While the word חנוך came to mean “educate,” its core multiple textures of meanings slant more toward “to dedicate” or “to initiate” (as we saw when we went on our Jastrow journey!). And the Piaseczner Rebbe tells us that it relates to the realm of craftsmanship. He explains that the root חנך refers to both doing the craft, and the process of readying the apprentice craftsman to learn that craft, or, in his language, readying the apprentice craftsman to “teach himself the craft by means of his teacher’s guidance.” 

He then goes deep inside that word, and, with Rashi’s help, focuses on the way in which being mechanech (i.e., “educating”) someone is, essentially, to bring out in them the dispositions they need to do the work—whatever the work is—be it learning the craft of shoemaking or carpentry, or the work of being a crafter of one’s life, or one’s tradition:

The term chinukh applies to the readying for a craft which is within the inner potential of a person to do; or the readying of a house or a vessel for a particular purpose. The word chinuch is specific. It is said about bringing out the readiness that is in a person or a thing from the potential to the actual. If we do not bring it out, it will stay hidden. So we need to bring out and ready (lechanekh) a particular person to do a particular craft, or a house or a vessel for its use—every room for the use for which it is meant, and every vessel for the use for which it was meant.

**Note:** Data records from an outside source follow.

(* Let $n\ge 1$. Every game of Planted Brussels Sprouts of order $n$ ends after exactly $n-1$ moves, no matter how the moves are chosen.
   Context: Planted Brussels Sprouts of order $n$: start with a closed disk with $n$ marked points on its boundary circle, labeled $1,\dots,n$ in clockwise order. Attached to each marked point is an arm, a short segment pointing into the interior of the disk; these arms are free. A move consists of two steps. First, choose two free arms and join their free ends by a simple curve (an arc) in the disk that does not intersect any previously drawn arc or arm; the two joined arms cease to be free. Second, mark a point (a notch) on the new arc, from which two new free arms emanate, one on each side of the arc. The game ends when no move is possible. *)

From mathcomp Require Import all_boot.
Set Implicit Arguments. Unset Strict Implicit. Unset Printing Implicit Defensive.

(* A free arm: either the arm at boundary marked point [i], or one of the two
   arms (side = false / true) emanating from the notch of the [k]-th move. *)
Inductive arm : Type :=
| BArm (i : nat)
| NArm (k : nat) (side : bool).

(* A face (region of the disk cut out by the drawn arcs) is a topological disk;
   it is recorded by the cyclic (clockwise) sequence of the free arms pointing
   into it. *)
Definition face := seq arm.
Definition position := seq face.

Definition init_position (n : nat) : position := [:: [seq BArm i | i <- iota 1 n]].

(* Joining the arms at positions i < j of face f by an arc splits the face into
   two faces: the one containing the arms strictly between them (plus one new
   notch arm), and the one containing the remaining arms (plus the other new
   notch arm).  The notch arms sit where the arc lies in the cyclic order. *)
Definition face_in (f : face) (i j : nat) (x : arm) : face :=
  drop i.+1 (take j f) ++ [:: x].
Definition face_out (f : face) (i j : nat) (y : arm) : face :=
  drop j.+1 f ++ take i f ++ [:: y].

Inductive move (k : nat) : position -> position -> Prop :=
| Move (s1 s2 : position) (f : face) (i j : nat) :
    i < j -> j < size f ->
    move k (s1 ++ f :: s2)
           (s1 ++ face_in f i j (NArm k false) :: face_out f i j (NArm k true) :: s2).

Definition terminal (p : position) : Prop := forall k q, ~ move k p q.

Definition is_play (n m : nat) (p : nat -> position) : Prop :=
  p 0 = init_position n /\ forall t, t < m -> move t (p t) (p t.+1).

From mathcomp Require Import all_boot.
From mathcomp Require Import zify.

Set Implicit Arguments.
Unset Strict Implicit.
Unset Printing Implicit Defensive.

(* A move removes two arms and adds two notch arms, so the total number of
   free arms stays n, while the number of faces grows by one.  Every face
   contains a free arm (the two new faces each receive a notch arm), hence
   after t moves t + 1 <= n.  At the end no face holds two arms, so each face
   holds exactly one and t + 1 = n. *)

Definition arm_count (P : position) : nat := sumn [seq size f | f <- P].

Definition nonempty_faces (P : position) : bool := all (fun f : face => 0 < size f) P.

Lemma arm_count_cat (P Q : position) : arm_count (P ++ Q) = arm_count P + arm_count Q.
Proof. by rewrite /arm_count map_cat sumn_cat. Qed.

Lemma arm_count_cons (f : face) (P : position) : arm_count (f :: P) = size f + arm_count P.
Proof. by []. Qed.

Lemma size_face_in (f : face) (i j : nat) (x : arm) :
  j <= size f -> size (face_in f i j x) = (j - i.+1).+1.
Proof. by move=> le_j; rewrite size_cat size_drop size_take_min addn1 (minn_idPl le_j). Qed.

Lemma size_face_out (f : face) (i j : nat) (y : arm) :
  i <= size f -> size (face_out f i j y) = (size f - j.+1 + i).+1.
Proof. by move=> le_i; rewrite !size_cat size_drop size_take_min (minn_idPl le_i) /=; lia. Qed.

Lemma move_size (k : nat) (P Q : position) : move k P Q -> size Q = (size P).+1.
Proof. by case=> s1 s2 f i j _ _; rewrite !size_cat /= addnS. Qed.

Lemma move_arm_count (k : nat) (P Q : position) : move k P Q -> arm_count Q = arm_count P.
Proof.
case=> s1 s2 f i j lt_ij lt_j; rewrite !arm_count_cat !arm_count_cons.
rewrite size_face_in ?size_face_out; lia.
Qed.

Lemma move_nonempty_faces (k : nat) (P Q : position) :
  move k P Q -> nonempty_faces P -> nonempty_faces Q.
Proof.
case=> s1 s2 f i j lt_ij lt_j.
rewrite /nonempty_faces !all_cat /= => /and3P[-> _ ->].
by rewrite size_face_in ?size_face_out //; lia.
Qed.

Lemma terminal_faces_small (P : position) :
  terminal P -> all (fun f : face => size f <= 1) P.
Proof.
suff small s1 : terminal (s1 ++ P) -> all (fun f : face => size f <= 1) P.
  exact: small [::].
elim: P s1 => //= f P IHP s1 endP; apply/andP; split.
  rewrite leqNgt; apply/negP=> lt1f.
  exact: endP 0 _ (Move 0 s1 P (ltn0Sn 0) lt1f).
by apply: (IHP (rcons s1 f)); rewrite cat_rcons.
Qed.

Lemma size_le_arm_count (P : position) : nonempty_faces P -> size P <= arm_count P.
Proof.
elim: P => //= f P IHP /andP[f_gt0 /IHP le_P].
by rewrite arm_count_cons -add1n leq_add.
Qed.

Lemma arm_count_unit_faces (P : position) :
  nonempty_faces P -> all (fun f : face => size f <= 1) P -> arm_count P = size P.
Proof.
elim: P => //= f P IHP /andP[f_gt0 P_gt0] /andP[f_le1 P_le1].
by rewrite arm_count_cons IHP //; lia.
Qed.

Lemma play_invariant (n m : nat) (p : nat -> position) (t : nat) :
  0 < n -> is_play n m p -> t <= m ->
  [/\ size (p t) = t.+1, arm_count (p t) = n & nonempty_faces (p t)].
Proof.
move=> n_gt0 [p0 moves]; elim: t => [|t IHt] le_tm.
  by rewrite p0 /arm_count /nonempty_faces /= size_map size_iota addn0 n_gt0.
have [faces arms nonempty] := IHt (ltnW le_tm).
have mv := moves t le_tm.
split; first by rewrite (move_size mv) faces.
  by rewrite (move_arm_count mv) arms.
exact: move_nonempty_faces mv nonempty.
Qed.

Theorem mainTheorem1 (n : nat) (hn : 1 <= n) (m : nat) (p : nat -> position) :
  is_play n m p -> m <= n - 1 /\ (terminal (p m) -> m = n - 1).
Proof.
move=> play; have [faces arms nonempty] := play_invariant hn play (leqnn m).
split; first by have := size_le_arm_count nonempty; rewrite faces arms; lia.
move=> /terminal_faces_small small.
by have := arm_count_unit_faces nonempty small; rewrite faces arms; lia.
Qed.
(* Let $c,d>0$ and $g(x)=xF(c,d;c+d;x)$ for $x\in(0,1)$. The function $G(u)=\log g\!\left(\frac{e^u}{1+e^u}\right)$ is concave on $(-\infty,\infty)$ if and only if $\frac1c+\frac1d\ge1$.
   Context: $F(a,b;c;x)$ is the Gaussian hypergeometric function $\sum_{n\ge0}\frac{(a)_n(b)_n}{(c)_n}\frac{x^n}{n!}$ ($|x|<1$), with $(a)_n=a(a+1)\cdots(a+n-1)$, $(a)_0=1$. *)

From Stdlib Require Import Arith Reals ClassicalEpsilon.
Open Scope R_scope.

Fixpoint poch (a : R) (n : nat) : R :=
  match n with
  | O => 1
  | S k => poch a k * (a + INR k)
  end.

Definition hyp_term (a b c x : R) (n : nat) : R :=
  poch a n * poch b n / poch c n * x ^ n / INR (fact n).

(* F(a,b;c;x) = sum_{n>=0} hyp_term a b c x n (the sum of the series,
   chosen by classical description; meaningful where the series converges,
   e.g. |x| < 1 with c not a nonpositive integer). *)
Definition hyp2F1 (a b c x : R) : R :=
  epsilon (inhabits 0) (fun l => infinite_sum (hyp_term a b c x) l).

Definition concave_on_R (f : R -> R) : Prop :=
  forall x y t : R, 0 <= t <= 1 ->
    t * f x + (1 - t) * f y <= f (t * x + (1 - t) * y).

(* Write [x = e^u / (1 + e^u)], [F = F(c,d;c+d;.)], [E = F(c,d;c+d+1;.)] and
   [q = c d / (c + d)].  Then [G'(u) = (1 - x) (1 + x F'(x) / F(x))], and the
   contiguous relation [(1 - x) F' = q E] turns this into
   [h(x) = 1 - x + q x E(x) / F(x)].  So [G] is concave iff [h] is nonincreasing
   on (0,1), while [1/c + 1/d >= 1] means [q <= 1].
   If [q <= 1], the numerator of [h'] is a power series whose n-th coefficient is
   [sum_(i+j=n) a_i a_j K(i,j)] with [K(i,j) + K(j,i) <= 0], so [h' <= 0].
   If [q > 1], then [E/F -> 1] at 0 gives [h(x) = 1 + (q - 1) x + o(x)], so [h]
   increases near 0. *)

From Stdlib Require Import Arith Reals Lra Lia Psatz ClassicalEpsilon FunctionalExtensionality.
From Coquelicot Require Import Coquelicot.
Open Scope R_scope.

Lemma CV_radius_bounded_gt (a : nat -> R) (M x : R) :
  (forall n, Rabs (a n) <= M) -> Rabs x < 1 -> Rbar_lt (Rabs x) (CV_radius a).
Proof.
  intros HM Hx.
  set (r := (Rabs x + 1) / 2).
  assert (Hr : 0 <= r < 1) by (unfold r; generalize (Rabs_pos x); lra).
  assert (Hle : Rbar_le r (CV_radius a)).
  { apply (proj1 (CV_radius_bounded a)). exists M. intro n.
    rewrite Rabs_mult, <- RPow_abs, (Rabs_pos_eq r) by lra.
    assert (r ^ n <= 1) by (rewrite <- (pow1 n); apply pow_incr; lra).
    assert (0 <= r ^ n) by (apply pow_le; lra).
    generalize (HM n) (Rabs_pos (a n)); nra. }
  eapply Rbar_lt_le_trans; [| exact Hle]. simpl. unfold r. lra.
Qed.

Lemma PSeries_nonneg (a : nat -> R) (x : R) :
  (forall n, 0 <= a n) -> 0 <= x -> ex_pseries a x -> 0 <= PSeries a x.
Proof.
  intros Ha Hx Hex. rewrite <- (PSeries_const_0 x). apply Series_le.
  - intro n. assert (0 <= x ^ n) by (apply pow_le; lra).
    generalize (Ha n); nra.
  - apply ex_pseries_R, Hex.
Qed.

Lemma PSeries_ge_head (a : nat -> R) (x : R) :
  (forall n, 0 <= a n) -> 0 <= x -> Rbar_lt (Rabs x) (CV_radius a) ->
  a 0%nat <= PSeries a x.
Proof.
  intros Ha Hx Hr.
  rewrite (PSeries_decr_1 a x (CV_radius_inside a x Hr)).
  assert (0 <= PSeries (PS_decr_1 a) x).
  { apply PSeries_nonneg; [intro n; apply Ha | exact Hx |].
    apply CV_radius_inside. rewrite CV_radius_decr_1. exact Hr. }
  nra.
Qed.

Lemma PS_incr_1_derive (a : nat -> R) (n : nat) :
  PS_incr_1 (PS_derive a) n = INR n * a n.
Proof. destruct n as [|n]; [simpl; rewrite Rmult_0_l |]; reflexivity. Qed.

Lemma sum_f_R0_ge_term (u : nat -> R) (N k : nat) :
  (forall i, 0 <= u i) -> (k <= N)%nat -> u k <= sum_f_R0 u N.
Proof.
  intros Hu Hk. induction N as [|N IH]; simpl.
  - replace k with 0%nat by lia. lra.
  - destruct (Nat.eq_dec k (S N)) as [->|Hne].
    + generalize (cond_pos_sum u N Hu); lra.
    + generalize (IH ltac:(lia)) (Hu (S N)); lra.
Qed.

Lemma sum_antidiagonal_nonpos (T : nat -> nat -> R) (n : nat) :
  (forall i j, T i j + T j i <= 0) -> sum_f_R0 (fun k => T k (n - k)%nat) n <= 0.
Proof.
  intro HT.
  assert (Hrev : sum_f_R0 (fun k => T (n - k)%nat k) n =
                 sum_f_R0 (fun k => T k (n - k)%nat) n).
  { rewrite <- sum_f_R0_skip. apply sum_eq. intros k Hk. f_equal. lia. }
  assert (Hsym : sum_f_R0 (fun k => T k (n - k)%nat + T (n - k)%nat k) n <= 0).
  { rewrite <- (Rmult_0_l (INR (S n))), <- sum_cte. apply sum_Rle. intros; apply HT. }
  rewrite plus_sum, Hrev in Hsym. lra.
Qed.

Lemma is_derive_ge_of_chords (f : R -> R) (u D m r : R) :
  is_derive f u D -> 0 < r ->
  (forall h, 0 < h < r -> m * h <= f (u + h) - f u) -> m <= D.
Proof.
  intros Hf Hr Hm. apply Rnot_lt_le. intro HD.
  destruct (proj1 (is_derive_Reals f u D) Hf (m - D) ltac:(lra)) as [[del Hdel] Hq].
  set (h := Rmin (del / 2) (r / 2)).
  assert (Hh : 0 < h /\ h < del /\ h < r).
  { unfold h. generalize (Rmin_l (del / 2) (r / 2)) (Rmin_r (del / 2) (r / 2)).
    assert (0 < Rmin (del / 2) (r / 2)) by (apply Rmin_glb_lt; lra). lra. }
  assert (Hquot : m <= (f (u + h) - f u) / h) by (apply Rle_div_r; [lra | apply Hm; lra]).
  specialize (Hq h ltac:(lra) ltac:(simpl; rewrite Rabs_pos_eq; lra)).
  apply Rabs_def2 in Hq. lra.
Qed.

This, he says, is the essence of chinuch, education as a practice or a craft. It’s not about transmitting information, and it’s not about trying to shape the student’s behavior, even toward the doing of good deeds. It is about readying students to find the particular disposition, the particular way of being, that lives inside of them, their unique purpose. This is the kind of learning, the Piaseczner Rebbe argues, that ensures the second half of the verse in Proverbs: גם כי יזקין לא יסור ממנה—”so that also in his old age he will not turn from it.” Learning that happens like craftsmanship, learning that grounds us in who we actually are and what we uniquely bring, that is the kind of learning that will never depart from us. 

Without a doubt, the Piaseczner Rebbe’s teaching here sets a high bar. But at the same time, it felt so familiar to us when we read it, and so affirming of our understanding of what the Talmud is trying to do—or at least one of the things the Talmud is trying to do: to shape us into the kinds of people who…the kinds of people who are deeply empathic, profoundly connected to one another, who can hold their truths lightly, who can tolerate and appreciate the messiness of life, with all of its contradictions, paradoxes, uncertainties, complexities, and unknowns, who can see that which is hidden and not apparent, who will be challenging rather than compliant and active rather than passive in the pursuit of justice and liberation for all people.

To ready a person for that work, to help them develop the dispositions necessary to do that work, is what it means to teach. This is the curriculum of the Talmud. And to nurture and practice the living out of those dispositions is the enterprise of the bet midrash. This is the craft of learning and teaching. This Chanukah, may we all dedicate and rededicate ourselves to this practice of chinuch, the craft of truly shaping ourselves—and each other—so that our Torah stays with us forever.